(Dataset excerpts)

========

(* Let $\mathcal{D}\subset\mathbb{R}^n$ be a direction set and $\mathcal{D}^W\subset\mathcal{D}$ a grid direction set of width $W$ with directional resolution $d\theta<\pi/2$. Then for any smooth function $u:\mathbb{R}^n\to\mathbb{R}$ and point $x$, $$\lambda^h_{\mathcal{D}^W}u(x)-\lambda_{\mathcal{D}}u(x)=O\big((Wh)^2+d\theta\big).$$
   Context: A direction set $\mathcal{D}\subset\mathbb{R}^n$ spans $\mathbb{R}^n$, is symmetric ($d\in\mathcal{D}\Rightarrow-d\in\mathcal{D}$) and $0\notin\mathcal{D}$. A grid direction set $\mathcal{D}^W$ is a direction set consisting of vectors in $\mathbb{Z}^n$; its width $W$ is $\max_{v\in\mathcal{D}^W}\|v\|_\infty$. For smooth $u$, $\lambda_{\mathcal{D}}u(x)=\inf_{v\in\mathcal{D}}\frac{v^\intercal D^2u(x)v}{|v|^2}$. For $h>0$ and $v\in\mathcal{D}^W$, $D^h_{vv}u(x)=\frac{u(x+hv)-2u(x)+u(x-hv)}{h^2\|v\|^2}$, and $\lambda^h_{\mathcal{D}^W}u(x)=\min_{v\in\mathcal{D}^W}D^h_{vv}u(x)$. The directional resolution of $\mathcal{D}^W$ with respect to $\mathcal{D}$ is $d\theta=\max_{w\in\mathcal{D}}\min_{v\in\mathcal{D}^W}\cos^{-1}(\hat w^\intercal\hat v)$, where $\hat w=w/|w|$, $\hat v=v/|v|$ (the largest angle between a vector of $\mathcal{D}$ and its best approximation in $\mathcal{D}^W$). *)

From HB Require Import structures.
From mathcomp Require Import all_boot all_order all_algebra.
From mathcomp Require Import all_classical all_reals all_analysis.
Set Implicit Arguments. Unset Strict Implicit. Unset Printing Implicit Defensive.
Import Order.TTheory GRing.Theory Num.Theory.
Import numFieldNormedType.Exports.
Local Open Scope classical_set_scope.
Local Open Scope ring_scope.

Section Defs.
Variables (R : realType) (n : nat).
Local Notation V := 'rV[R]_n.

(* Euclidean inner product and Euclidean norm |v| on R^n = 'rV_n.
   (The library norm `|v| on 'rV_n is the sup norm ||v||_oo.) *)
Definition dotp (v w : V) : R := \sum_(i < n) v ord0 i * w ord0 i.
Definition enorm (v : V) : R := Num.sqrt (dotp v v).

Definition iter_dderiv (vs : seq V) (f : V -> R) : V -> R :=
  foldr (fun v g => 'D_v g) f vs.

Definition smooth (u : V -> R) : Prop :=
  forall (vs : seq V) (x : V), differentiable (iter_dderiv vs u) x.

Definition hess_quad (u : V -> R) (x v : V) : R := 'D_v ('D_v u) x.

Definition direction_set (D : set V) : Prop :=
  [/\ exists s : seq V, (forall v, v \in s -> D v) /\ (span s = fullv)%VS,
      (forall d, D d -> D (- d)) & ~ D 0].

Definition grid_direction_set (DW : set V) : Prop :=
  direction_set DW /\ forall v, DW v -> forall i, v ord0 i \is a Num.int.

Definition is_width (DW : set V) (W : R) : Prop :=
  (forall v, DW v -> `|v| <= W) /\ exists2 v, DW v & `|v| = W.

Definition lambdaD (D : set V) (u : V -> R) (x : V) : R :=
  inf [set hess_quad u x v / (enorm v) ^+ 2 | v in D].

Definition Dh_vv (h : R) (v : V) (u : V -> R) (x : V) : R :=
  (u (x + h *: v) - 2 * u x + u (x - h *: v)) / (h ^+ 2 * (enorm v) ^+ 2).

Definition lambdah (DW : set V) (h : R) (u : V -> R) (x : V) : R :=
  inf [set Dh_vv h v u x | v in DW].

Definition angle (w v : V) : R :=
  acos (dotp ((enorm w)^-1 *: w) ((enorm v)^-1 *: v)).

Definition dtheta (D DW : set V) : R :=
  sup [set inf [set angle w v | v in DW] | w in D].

========

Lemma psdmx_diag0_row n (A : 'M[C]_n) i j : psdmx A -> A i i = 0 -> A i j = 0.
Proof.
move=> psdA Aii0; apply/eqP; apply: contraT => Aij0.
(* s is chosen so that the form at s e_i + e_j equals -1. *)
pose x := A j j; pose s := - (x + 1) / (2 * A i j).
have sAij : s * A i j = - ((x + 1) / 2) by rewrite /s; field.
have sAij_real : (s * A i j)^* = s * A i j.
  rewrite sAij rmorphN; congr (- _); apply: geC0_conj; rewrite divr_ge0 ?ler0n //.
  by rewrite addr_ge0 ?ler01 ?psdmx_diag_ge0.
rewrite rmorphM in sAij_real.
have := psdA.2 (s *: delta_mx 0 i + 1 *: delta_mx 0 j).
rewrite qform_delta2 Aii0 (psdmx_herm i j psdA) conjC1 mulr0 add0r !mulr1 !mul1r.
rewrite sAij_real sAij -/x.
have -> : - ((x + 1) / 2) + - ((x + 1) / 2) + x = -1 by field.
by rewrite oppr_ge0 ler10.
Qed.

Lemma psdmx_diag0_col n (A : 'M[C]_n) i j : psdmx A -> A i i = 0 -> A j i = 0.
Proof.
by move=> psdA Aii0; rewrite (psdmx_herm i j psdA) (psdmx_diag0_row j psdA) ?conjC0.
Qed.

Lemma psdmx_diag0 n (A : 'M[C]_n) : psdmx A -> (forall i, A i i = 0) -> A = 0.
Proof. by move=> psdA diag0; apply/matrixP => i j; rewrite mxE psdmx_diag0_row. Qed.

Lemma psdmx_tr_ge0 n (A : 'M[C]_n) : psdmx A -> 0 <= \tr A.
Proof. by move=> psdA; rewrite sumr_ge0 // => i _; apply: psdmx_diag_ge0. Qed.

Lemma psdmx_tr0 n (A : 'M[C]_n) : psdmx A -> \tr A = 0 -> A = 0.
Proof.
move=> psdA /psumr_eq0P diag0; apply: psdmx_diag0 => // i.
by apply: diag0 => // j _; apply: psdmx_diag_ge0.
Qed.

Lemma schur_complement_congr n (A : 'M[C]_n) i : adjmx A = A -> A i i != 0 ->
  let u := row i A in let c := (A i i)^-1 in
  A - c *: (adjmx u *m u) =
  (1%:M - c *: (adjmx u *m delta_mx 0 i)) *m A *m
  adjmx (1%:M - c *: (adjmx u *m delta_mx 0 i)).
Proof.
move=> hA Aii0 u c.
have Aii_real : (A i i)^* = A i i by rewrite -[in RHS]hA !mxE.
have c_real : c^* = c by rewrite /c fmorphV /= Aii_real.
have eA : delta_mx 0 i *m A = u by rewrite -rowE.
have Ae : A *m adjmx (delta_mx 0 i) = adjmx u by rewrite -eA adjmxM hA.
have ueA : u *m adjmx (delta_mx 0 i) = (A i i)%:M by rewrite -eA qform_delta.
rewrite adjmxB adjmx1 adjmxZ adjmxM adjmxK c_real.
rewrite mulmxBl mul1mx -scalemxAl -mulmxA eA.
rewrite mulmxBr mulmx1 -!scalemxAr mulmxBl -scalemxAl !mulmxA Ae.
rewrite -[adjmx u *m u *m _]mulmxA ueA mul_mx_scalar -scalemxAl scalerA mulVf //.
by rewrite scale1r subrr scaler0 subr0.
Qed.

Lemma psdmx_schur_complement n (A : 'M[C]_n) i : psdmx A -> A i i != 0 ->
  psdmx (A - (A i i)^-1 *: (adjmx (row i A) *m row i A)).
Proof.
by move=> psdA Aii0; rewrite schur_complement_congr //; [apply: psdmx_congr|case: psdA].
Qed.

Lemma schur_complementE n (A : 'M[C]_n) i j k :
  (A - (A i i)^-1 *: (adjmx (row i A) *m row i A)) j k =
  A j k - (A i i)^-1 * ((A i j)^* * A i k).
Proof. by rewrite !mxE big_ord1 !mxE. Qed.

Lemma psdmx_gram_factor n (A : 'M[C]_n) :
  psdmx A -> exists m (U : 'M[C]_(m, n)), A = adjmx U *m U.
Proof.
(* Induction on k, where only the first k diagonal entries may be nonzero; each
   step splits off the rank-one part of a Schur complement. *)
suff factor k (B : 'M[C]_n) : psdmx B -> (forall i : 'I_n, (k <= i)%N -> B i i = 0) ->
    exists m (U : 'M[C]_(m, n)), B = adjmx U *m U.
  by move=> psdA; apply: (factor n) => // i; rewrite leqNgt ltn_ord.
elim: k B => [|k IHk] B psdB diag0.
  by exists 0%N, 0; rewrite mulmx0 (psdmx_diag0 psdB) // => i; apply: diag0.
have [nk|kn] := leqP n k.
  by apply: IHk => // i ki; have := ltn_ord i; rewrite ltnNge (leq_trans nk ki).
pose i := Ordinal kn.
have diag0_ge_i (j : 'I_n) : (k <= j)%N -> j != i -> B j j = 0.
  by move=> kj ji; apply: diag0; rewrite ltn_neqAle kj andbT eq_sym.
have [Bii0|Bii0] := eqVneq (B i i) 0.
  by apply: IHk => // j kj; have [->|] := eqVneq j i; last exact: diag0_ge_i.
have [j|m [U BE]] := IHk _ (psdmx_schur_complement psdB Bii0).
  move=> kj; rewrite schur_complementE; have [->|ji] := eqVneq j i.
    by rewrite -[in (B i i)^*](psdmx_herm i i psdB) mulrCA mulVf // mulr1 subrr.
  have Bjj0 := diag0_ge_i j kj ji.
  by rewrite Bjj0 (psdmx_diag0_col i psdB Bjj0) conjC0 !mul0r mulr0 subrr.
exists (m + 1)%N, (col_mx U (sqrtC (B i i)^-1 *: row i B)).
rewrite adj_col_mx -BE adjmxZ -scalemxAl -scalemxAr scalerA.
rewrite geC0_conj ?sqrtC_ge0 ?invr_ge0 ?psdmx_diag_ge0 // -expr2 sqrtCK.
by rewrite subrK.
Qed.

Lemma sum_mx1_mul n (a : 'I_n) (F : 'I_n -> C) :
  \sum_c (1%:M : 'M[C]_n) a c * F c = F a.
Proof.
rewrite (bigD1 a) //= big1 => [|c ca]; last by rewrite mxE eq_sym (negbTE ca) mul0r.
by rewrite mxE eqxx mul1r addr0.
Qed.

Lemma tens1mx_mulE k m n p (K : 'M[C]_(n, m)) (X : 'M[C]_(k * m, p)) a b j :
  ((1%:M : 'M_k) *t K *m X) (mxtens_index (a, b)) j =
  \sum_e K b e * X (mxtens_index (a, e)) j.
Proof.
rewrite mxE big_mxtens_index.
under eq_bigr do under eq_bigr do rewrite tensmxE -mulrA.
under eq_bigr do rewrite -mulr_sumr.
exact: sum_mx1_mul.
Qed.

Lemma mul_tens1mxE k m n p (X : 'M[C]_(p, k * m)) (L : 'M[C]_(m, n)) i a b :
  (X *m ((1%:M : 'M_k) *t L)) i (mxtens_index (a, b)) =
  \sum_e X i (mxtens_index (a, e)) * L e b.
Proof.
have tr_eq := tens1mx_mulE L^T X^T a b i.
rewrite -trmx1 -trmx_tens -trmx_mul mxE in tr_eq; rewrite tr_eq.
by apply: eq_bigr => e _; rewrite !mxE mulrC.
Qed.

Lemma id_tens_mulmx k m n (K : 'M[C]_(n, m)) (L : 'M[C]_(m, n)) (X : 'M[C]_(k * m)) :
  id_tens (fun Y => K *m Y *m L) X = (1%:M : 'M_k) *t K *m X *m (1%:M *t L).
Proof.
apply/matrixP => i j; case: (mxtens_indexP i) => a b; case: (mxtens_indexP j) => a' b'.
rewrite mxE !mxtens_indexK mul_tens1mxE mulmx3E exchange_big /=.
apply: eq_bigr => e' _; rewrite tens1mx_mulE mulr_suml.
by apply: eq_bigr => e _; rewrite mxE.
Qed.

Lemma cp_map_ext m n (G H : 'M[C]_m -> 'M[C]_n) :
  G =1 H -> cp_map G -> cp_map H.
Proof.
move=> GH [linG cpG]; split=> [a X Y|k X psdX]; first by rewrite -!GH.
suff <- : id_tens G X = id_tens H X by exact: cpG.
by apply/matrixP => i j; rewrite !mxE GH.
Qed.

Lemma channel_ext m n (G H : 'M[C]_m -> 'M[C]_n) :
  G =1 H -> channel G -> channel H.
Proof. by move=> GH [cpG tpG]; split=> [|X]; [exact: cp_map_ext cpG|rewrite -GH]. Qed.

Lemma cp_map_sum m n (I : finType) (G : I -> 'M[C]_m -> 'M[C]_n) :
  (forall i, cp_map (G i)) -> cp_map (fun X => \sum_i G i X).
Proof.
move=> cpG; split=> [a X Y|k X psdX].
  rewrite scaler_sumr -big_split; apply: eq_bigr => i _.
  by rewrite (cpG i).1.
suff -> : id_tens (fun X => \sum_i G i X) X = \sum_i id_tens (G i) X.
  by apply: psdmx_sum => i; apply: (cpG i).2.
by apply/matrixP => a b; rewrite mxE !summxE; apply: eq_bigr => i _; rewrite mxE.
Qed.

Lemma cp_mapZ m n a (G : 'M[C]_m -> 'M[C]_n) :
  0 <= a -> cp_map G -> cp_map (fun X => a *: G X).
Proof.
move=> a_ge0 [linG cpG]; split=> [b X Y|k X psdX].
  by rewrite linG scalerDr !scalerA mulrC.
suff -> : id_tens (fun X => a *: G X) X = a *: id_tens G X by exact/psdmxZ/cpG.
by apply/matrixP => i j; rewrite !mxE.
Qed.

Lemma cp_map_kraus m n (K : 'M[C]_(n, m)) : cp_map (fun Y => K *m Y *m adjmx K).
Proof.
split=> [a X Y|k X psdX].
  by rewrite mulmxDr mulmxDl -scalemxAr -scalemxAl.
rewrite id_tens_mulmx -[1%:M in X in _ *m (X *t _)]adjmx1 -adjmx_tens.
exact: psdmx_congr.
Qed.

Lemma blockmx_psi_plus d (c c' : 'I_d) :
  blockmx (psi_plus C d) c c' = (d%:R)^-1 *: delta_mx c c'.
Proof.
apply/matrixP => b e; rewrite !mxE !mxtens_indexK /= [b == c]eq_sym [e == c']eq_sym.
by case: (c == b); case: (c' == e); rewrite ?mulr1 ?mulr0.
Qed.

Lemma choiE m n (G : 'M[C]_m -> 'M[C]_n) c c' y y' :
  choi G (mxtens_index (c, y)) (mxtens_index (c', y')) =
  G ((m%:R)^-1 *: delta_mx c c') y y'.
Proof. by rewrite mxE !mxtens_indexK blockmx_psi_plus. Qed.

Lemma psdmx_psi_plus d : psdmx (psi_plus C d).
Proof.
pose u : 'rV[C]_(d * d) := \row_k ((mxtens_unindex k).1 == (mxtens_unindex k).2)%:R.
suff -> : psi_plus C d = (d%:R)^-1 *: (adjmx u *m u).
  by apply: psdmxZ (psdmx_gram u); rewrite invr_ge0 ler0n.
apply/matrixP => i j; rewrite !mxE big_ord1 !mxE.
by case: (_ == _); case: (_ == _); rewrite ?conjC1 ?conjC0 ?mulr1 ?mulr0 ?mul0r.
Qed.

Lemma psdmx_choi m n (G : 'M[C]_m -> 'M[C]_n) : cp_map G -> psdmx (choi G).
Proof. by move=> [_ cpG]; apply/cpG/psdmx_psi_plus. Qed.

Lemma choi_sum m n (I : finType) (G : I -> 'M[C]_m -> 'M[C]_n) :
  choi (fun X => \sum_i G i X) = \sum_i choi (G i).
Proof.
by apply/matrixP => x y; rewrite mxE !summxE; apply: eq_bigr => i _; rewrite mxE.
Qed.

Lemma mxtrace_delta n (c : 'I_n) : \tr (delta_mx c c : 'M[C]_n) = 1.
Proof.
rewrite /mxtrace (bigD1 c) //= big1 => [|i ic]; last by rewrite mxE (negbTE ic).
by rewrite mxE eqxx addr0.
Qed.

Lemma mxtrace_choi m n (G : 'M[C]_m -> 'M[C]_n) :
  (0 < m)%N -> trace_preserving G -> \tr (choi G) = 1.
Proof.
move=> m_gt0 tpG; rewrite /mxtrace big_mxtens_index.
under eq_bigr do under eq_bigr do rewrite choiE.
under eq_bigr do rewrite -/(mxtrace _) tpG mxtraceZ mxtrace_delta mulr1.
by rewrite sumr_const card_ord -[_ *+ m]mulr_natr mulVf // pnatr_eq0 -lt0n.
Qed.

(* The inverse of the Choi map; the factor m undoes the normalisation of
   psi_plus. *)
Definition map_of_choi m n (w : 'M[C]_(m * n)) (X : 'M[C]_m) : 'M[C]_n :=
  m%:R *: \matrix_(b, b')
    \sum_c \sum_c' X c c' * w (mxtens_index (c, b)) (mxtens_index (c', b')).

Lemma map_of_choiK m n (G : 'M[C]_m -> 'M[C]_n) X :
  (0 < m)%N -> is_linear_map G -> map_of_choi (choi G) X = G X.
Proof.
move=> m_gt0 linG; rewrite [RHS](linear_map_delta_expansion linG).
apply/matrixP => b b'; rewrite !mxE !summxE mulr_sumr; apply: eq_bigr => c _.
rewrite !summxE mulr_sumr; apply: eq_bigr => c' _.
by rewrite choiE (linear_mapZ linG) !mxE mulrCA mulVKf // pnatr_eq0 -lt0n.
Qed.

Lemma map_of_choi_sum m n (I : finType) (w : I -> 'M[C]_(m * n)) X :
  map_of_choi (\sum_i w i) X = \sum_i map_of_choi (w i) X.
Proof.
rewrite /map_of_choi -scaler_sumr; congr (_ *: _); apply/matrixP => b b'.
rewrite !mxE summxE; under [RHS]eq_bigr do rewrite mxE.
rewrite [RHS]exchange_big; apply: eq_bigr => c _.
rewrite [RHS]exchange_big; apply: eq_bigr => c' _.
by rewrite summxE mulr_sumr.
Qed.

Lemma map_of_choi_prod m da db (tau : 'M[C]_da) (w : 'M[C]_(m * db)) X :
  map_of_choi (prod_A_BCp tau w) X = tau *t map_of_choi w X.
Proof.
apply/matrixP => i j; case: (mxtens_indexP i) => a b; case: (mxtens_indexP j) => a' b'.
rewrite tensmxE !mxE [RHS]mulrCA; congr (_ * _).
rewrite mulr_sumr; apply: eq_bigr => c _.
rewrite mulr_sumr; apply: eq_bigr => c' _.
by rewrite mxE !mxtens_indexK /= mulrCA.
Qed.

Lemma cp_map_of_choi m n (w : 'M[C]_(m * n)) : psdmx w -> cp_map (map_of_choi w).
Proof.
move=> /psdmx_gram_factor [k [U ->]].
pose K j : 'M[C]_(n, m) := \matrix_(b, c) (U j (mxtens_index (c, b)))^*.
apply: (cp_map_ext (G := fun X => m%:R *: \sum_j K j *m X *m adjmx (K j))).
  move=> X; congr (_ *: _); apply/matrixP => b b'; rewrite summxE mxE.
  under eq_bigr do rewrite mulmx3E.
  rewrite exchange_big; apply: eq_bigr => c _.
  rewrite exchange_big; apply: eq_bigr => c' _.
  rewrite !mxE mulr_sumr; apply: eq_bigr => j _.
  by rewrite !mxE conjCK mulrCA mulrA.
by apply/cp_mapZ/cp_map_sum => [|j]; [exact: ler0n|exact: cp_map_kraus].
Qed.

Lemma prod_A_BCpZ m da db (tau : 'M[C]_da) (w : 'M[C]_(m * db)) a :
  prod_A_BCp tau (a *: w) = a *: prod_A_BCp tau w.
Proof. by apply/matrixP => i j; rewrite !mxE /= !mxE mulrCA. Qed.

========

_Try it:_ From the records above, copy only the lines starting with the line that holds "Definition map_of_choi m" and going on through the line that holds "move=> m_gt0 linG;", exactly as written.

_Response to the exercise:_
Definition map_of_choi m n (w : 'M[C]_(m * n)) (X : 'M[C]_m) : 'M[C]_n :=
  m%:R *: \matrix_(b, b')
    \sum_c \sum_c' X c c' * w (mxtens_index (c, b)) (mxtens_index (c', b')).

Lemma map_of_choiK m n (G : 'M[C]_m -> 'M[C]_n) X :
  (0 < m)%N -> is_linear_map G -> map_of_choi (choi G) X = G X.
Proof.
move=> m_gt0 linG; rewrite [RHS](linear_map_delta_expansion linG).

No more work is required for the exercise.